Too Much Empathy Will Cost You Money

Ever have a prospect start out your sales call by asking you “so how much does this cost?” as the first question out of his mouth? How you handle this question, and subsequent ones like it, will greatly influence the outcome of your sales-call.


Right now is an excellent time to examine some of your beliefs about selling. Do you believe that this is a reasonable question for the prospect to ask? Would this be one of your first questions of a seller if you were the prospect? Do you agree with saying’s like “The customer is always right.”?


If you agree iwht most or all of these beliefs, would you then answer his question directly with a price? Just because the prospect asks a reasonable question does not mean that the smart thing to do is to answer it. Doing this at the very least could cost you money that you did not know the prospect had. And, doing this could cost you the entire sale, if the prospect prematurely rules you out because you are “too expensive”.

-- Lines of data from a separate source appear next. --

Lemma mobius_all_marked (d : pred nat) b :
  mobius (fun c => (all d (marked c))%:R%R) b = (~~ has d (marked b))%:R%R.
Proof.
elim: b d => [|x b IH] d; first by rewrite /mobius big_seq1 mul1r.
rewrite /mobius has_marked_cons [submasks _]/=.
case: x; rewrite ?big_cat !big_map /=; last first.
  by rewrite -IH; apply: eq_bigr => c _; rewrite all_marked_cons.
case: (d 0) => /=.
  rewrite -big_split big1 // => c _ /=; rewrite !all_marked_cons /=.
  by rewrite add1n exprS mulN1r mulNr addrN.
rewrite [X in (_ + X)%R]big1 ?addr0 => [|c _]; rewrite ?all_marked_cons ?mulr0 //.
by rewrite -IH; apply: eq_bigr => c _; rewrite all_marked_cons add0n.
Qed.

Lemma mobius_hasN_marked (d : pred nat) b :
  mobius (fun c => (~~ has d (marked c))%:R%R) b = (all d (marked b))%:R%R.
Proof.
rewrite -[all d _]negbK -has_predC -mobius_all_marked.
by apply: eq_bigr => c _; rewrite all_predC.
Qed.

(* Junk at [j >= n.-1]; only masks of length [n.-1] are ever used. *)
Definition desc n (w : {perm 'I_n}) (j : nat) : bool := Defs.pval w j.+1 < Defs.pval w j.

Definition ncover n (S : {set {perm 'I_n}}) (b : bitseq) : int :=
  (\sum_(w in S) (all (desc w) (marked b))%:R)%R.

Definition navoid n (S : {set {perm 'I_n}}) (b : bitseq) : int :=
  (\sum_(w in S) (~~ has (desc w) (marked b))%:R)%R.

Lemma mobius_sum (I : finType) (P : pred I) (F : I -> bitseq -> int) b :
  mobius (fun c => \sum_(i | P i) F i c)%R b = (\sum_(i | P i) mobius (F i) b)%R.
Proof.
rewrite /mobius exchange_big /=.
by under eq_bigr do rewrite mulr_sumr.
Qed.

Lemma mobius_ncover n (S : {set {perm 'I_n}}) : mobius (ncover S) =1 navoid S.
Proof. by move=> b; rewrite mobius_sum; under eq_bigr do rewrite mobius_all_marked. Qed.

Lemma mobius_navoid n (S : {set {perm 'I_n}}) : mobius (navoid S) =1 ncover S.
Proof. by move=> b; rewrite mobius_sum; under eq_bigr do rewrite mobius_hasN_marked. Qed.

(** * Harmonicity *)

Definition bitmask m (I : {set 'I_m}) : bitseq := mkseq (inI I) m.

Lemma inI_ord m (I : {set 'I_m}) (i : 'I_m) : inI I i = (i \in I).
Proof. by rewrite /inI valK. Qed.

Lemma inI_out m (I : {set 'I_m}) k : m <= k -> inI I k = false.
Proof. by move=> mk; rewrite /inI insubF // ltnNge mk. Qed.

Lemma bitmask_set m (c : bitseq) :
  size c = m -> bitmask [set i : 'I_m | nth false c i] = c.
Proof.
move=> <-; rewrite /bitmask -[RHS](mkseq_nth false); apply: eq_mkseq => k.
rewrite /inI; case: insubP => [i _ <-|]; first by rewrite inE.
by rewrite -leqNgt => /(nth_default false).
Qed.

Lemma all_marked_bitmask m (I : {set 'I_m}) (d : pred nat) :
  all d (marked (bitmask I)) = [forall i in I, d i].
Proof.
apply/allP/forall_inP => [H i iI | H j].
  by apply: H; rewrite mem_marked size_mkseq ltn_ord nth_mkseq // inI_ord.
rewrite mem_marked size_mkseq => /andP[jm]; rewrite nth_mkseq //.
by rewrite -[j]/(val (Ordinal jm)) inI_ord; apply: H.
Qed.

Lemma ssI_AS n (S : {set {perm 'I_n}}) (I : {set 'I_n.-1}) :
  ssI (AS S) I = [set w in S | all (desc w) (marked (bitmask I))].
Proof.
apply/setP => w; rewrite inE all_marked_bitmask /ssI.
case: eqP => [-> | /eqP/set0Pn[i0 i0I]].
  by rewrite andb_idr // => _; apply/forall_inP => i; rewrite inE.
apply/bigcapP/andP => [H | [wS /forall_inP H] i iI]; last by rewrite inE wS; apply: H.
split; first by have := H i0 i0I; rewrite inE => /andP[].
by apply/forall_inP => i iI; have := H i iI; rewrite inE => /andP[].
Qed.

Lemma card_ssI_AS n (S : {set {perm 'I_n}}) (I : {set 'I_n.-1}) :
  (#|ssI (AS S) I|%:R)%R = ncover S (bitmask I).
Proof.
rewrite ssI_AS /ncover -sum1_card natr_sum big_mkcond [RHS]big_mkcond /=.
by apply: eq_bigr => w _; rewrite inE; case: (w \in S); case: all.
Qed.

Definition runlen N (p : nat -> bool) k := find (fun l => ~~ p (k + l)) (iota 0 N).

Lemma head_runs b : head 0 (runs b) = find negb b.
Proof. by elim: b => [|[] b IH] //=; rewrite IH. Qed.

Lemma runlen0 N m (p : nat -> bool) : (forall k, m <= k -> p k = false) -> m < N ->
  runlen N p 0 = head 0 (runs (mkseq p m)).
Proof.
move=> pm mN; rewrite head_runs /runlen (eq_find (a2 := preim p negb)) => [|l //].
rewrite -find_map -(subnKC mN) addSnnS iotaD map_cat /= add0n pm // find_cat.
by case: ifP => // /negbT/hasNfind ->; rewrite addn0.
Qed.

Lemma runlenS N (p : nat -> bool) k : runlen N p k.+1 = runlen N (p \o succn) k.
Proof. by apply: eq_find => l; rewrite /= addSn. Qed.

(* [prev] stands for the value of [p] at position -1. *)
Definition starts_run (prev : bool) (p : nat -> bool) k :=
  p k && ~~ (if k is j.+1 then p j else prev).

Lemma run_lengths_runs N m : forall (p : nat -> bool) prev,
  (forall k, m <= k -> p k = false) -> m < N ->
  [seq runlen N p k | k <- iota 0 m & starts_run prev p k] =
  filter (ltn 0) ((if prev then behead else id) (runs (mkseq p m))).
Proof.
elim: m => [|m IH] p prev pm mN; first by case: prev.
have mkseq_cons : mkseq p m.+1 = p 0 :: mkseq (p \o succn) m.
  by rewrite /mkseq /= (iotaDl 1 0) -map_comp.
have shift : [seq runlen N p k | k <- iota 1 m & starts_run prev p k] =
  [seq runlen N (p \o succn) k | k <- iota 0 m & starts_run (p 0) (p \o succn) k].
  rewrite (iotaDl 1 0) filter_map -map_comp.
  rewrite (@eq_filter _ _ (starts_run (p 0) (p \o succn))) => [|[]//].
  by apply: eq_map => k; rewrite /= runlenS.
have IH' := IH (p \o succn) (p 0) (fun k mk => pm k.+1 mk) (ltnW mN).
have head0 := runlen0 pm mN; rewrite mkseq_cons in head0.
rewrite mkseq_cons [iota 0 _]/= [filter _ (_ :: _)]/= (fun_if (map _)) /= shift IH'.
by rewrite /starts_run; case: (p 0) head0 => head0; case: prev {shift}; rewrite /= ?head0.
Qed.

Lemma run_decompE m (I : {set 'I_m}) :
  run_decomp I = sort geq (filter (ltn 0) (runs (bitmask I))).
Proof.
rewrite /run_decomp -(@run_lengths_runs m.+1 m (inI I) false) //; last exact: inI_out.
congr (sort _ (map _ _)); apply: eq_filter => -[|k];
  by rewrite /run_start /starts_run //= orbF.
Qed.

Lemma perm_filter_pos (u : seq nat) :
  perm_eq u (filter (ltn 0) u ++ nseq (count_mem 0 u) 0).
Proof.
rewrite -(perm_filterC (ltn 0) u) perm_cat2l.
rewrite (@eq_filter _ _ (pred1 0)) => [|[]//].
by have /all_pred1P -> := filter_all (pred1 0) u; rewrite size_filter.
Qed.

Lemma sumn_filter_pos (u : seq nat) : sumn (filter (ltn 0) u) = sumn u.
Proof. by rewrite [RHS](perm_sumn (perm_filter_pos u)) sumn_cat sumn_nseq addn0. Qed.

Lemma perm_eq_filter_pos (u u' : seq nat) : size u = size u' ->
  perm_eq (filter (ltn 0) u) (filter (ltn 0) u') -> perm_eq u u'.
Proof.
move=> su pf; have := perm_size (perm_filter_pos u).
have := perm_size (perm_filter_pos u').
rewrite !size_cat !size_nseq -su (perm_size pf) => -> /addnI c0.
apply: perm_trans (perm_filter_pos u) _; rewrite -c0 perm_sym.
by apply: perm_trans (perm_filter_pos u') _; rewrite perm_cat2r perm_sym.
Qed.

Lemma run_decomp_perm m (I J : {set 'I_m}) :
  run_decomp I = run_decomp J <-> perm_eq (runs (bitmask I)) (runs (bitmask J)).
Proof.
have geq_sortP u v : reflect (sort geq u = sort geq v) (perm_eq u v).
  apply: perm_sortP => [x y | y x z xy yz | x y xy]; first exact: leq_total.
    exact: leq_trans yz xy.
  by apply: anti_leq; rewrite andbC.
rewrite !run_decompE; split=> [/geq_sortP pf | pIJ]; last first.
  exact/geq_sortP/(perm_filter (ltn 0) pIJ).
have su : sumn (runs (bitmask I)) = sumn (runs (bitmask J)).
  by rewrite -[LHS]sumn_filter_pos -[RHS]sumn_filter_pos (perm_sumn pf).
apply: perm_eq_filter_pos pf; apply/(@addnI (sumn (runs (bitmask J)))).
by rewrite -{1}su !sumn_size_runs !size_mkseq.
Qed.

Lemma harmonic_AS n (S : {set {perm 'I_n}}) :
  harmonic (AS S) <-> run_invariant n.-1 (ncover S).
Proof.
split=> [hS c c' sc pc | hS I J /run_decomp_perm pIJ].
  have sc' : size c' = n.-1 by rewrite -sc (perm_runs_size pc).
  rewrite -(bitmask_set sc) -(bitmask_set sc') -!card_ssI_AS; congr (_%:R)%R.
  by apply: hS; apply/run_decomp_perm; rewrite !bitmask_set.
apply/eqP; rewrite -(@Num.Theory.eqr_nat int) !card_ssI_AS.
by rewrite (hS _ _ _ pIJ) ?size_mkseq.
Qed.

(** * Symmetry *)

Definition ties (s : seq nat) : bitseq :=
  if s is x :: t then pairmap (fun a b => a == b) x t else [::].

Lemma size_ties s : size (ties s) = (size s).-1.
Proof. by case: s => //= x t; rewrite size_pairmap. Qed.

Lemma nth_ties s j :
  j < (size s).-1 -> nth false (ties s) j = (nth 0 s j == nth 0 s j.+1).
Proof. by case: s => //= x t jt; rewrite (nth_pairmap 0). Qed.

Lemma Qfun_navoid n (S : {set {perm 'I_n}}) s : sorted leq s -> size s = n ->
  (Qfun S s)%:R%R = navoid S (ties s).
Proof.
move=> s_sorted sn; rewrite /Qfun /navoid natr_sum; apply: eq_bigr => w _.
rewrite /Ffund sn eqxx s_sorted -all_predC.
set F := [forall _, _]; suff -> : F = all (predC (desc w)) (marked (ties s)).
  by case: all.
apply/forallP/allP => [H j | H j].
  rewrite mem_marked size_ties sn => /andP[jn]; rewrite nth_ties ?sn // => /eqP e.
  apply/negP => dj; have j1 : j.+1 < n by lia.
  by have := H (Ordinal (ltnW j1)); rewrite inE /= j1 -/(desc w j) dj e ltnn.
apply/implyP; rewrite inE => /andP[j1 dj]; apply/implyP => _; rewrite ltn_neqAle.
rewrite (sorted_leq_nth leq_trans leqnn 0 s_sorted) ?inE ?sn // andbT.
apply: contraL dj => e; apply: (H j); rewrite mem_marked size_ties sn.
by rewrite nth_ties ?sn ?(eqP e) ?eqxx ?andbT; lia.
Qed.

People make buy, no-buy decisions for emotional reasons. Imagine that your buyer looks at a scale on which she weighs the emotional consequences of her decisions. If the sales call begins with your answer to “how much does this cost?”, which way do you think her scale tips? Gee, you don’t know because you haven’t had the chance yet to ask about this buyer’s budget or financial resources. Unless you are lucky enough to be priced right within her budget, chances are this scale is going to tip very negatively against you. And you are rapidly on your way to losing this sale. In fact, you may not even get a chance to finish this sales call now.


How do you tip the scale towards the positive, towards you? Ask questions to help the buyer discover his emotional reasons why he wants and needs your product now. Ask questions that uncover the consequences of not buying from you. Take control by turning the prospect’s question to you into a question back to him. This question could be as simple as “Do you mind if I ask you some questions first to see if you even need any of my products/services?”


Take control of the sales call up-front, and tip the scales in your favor.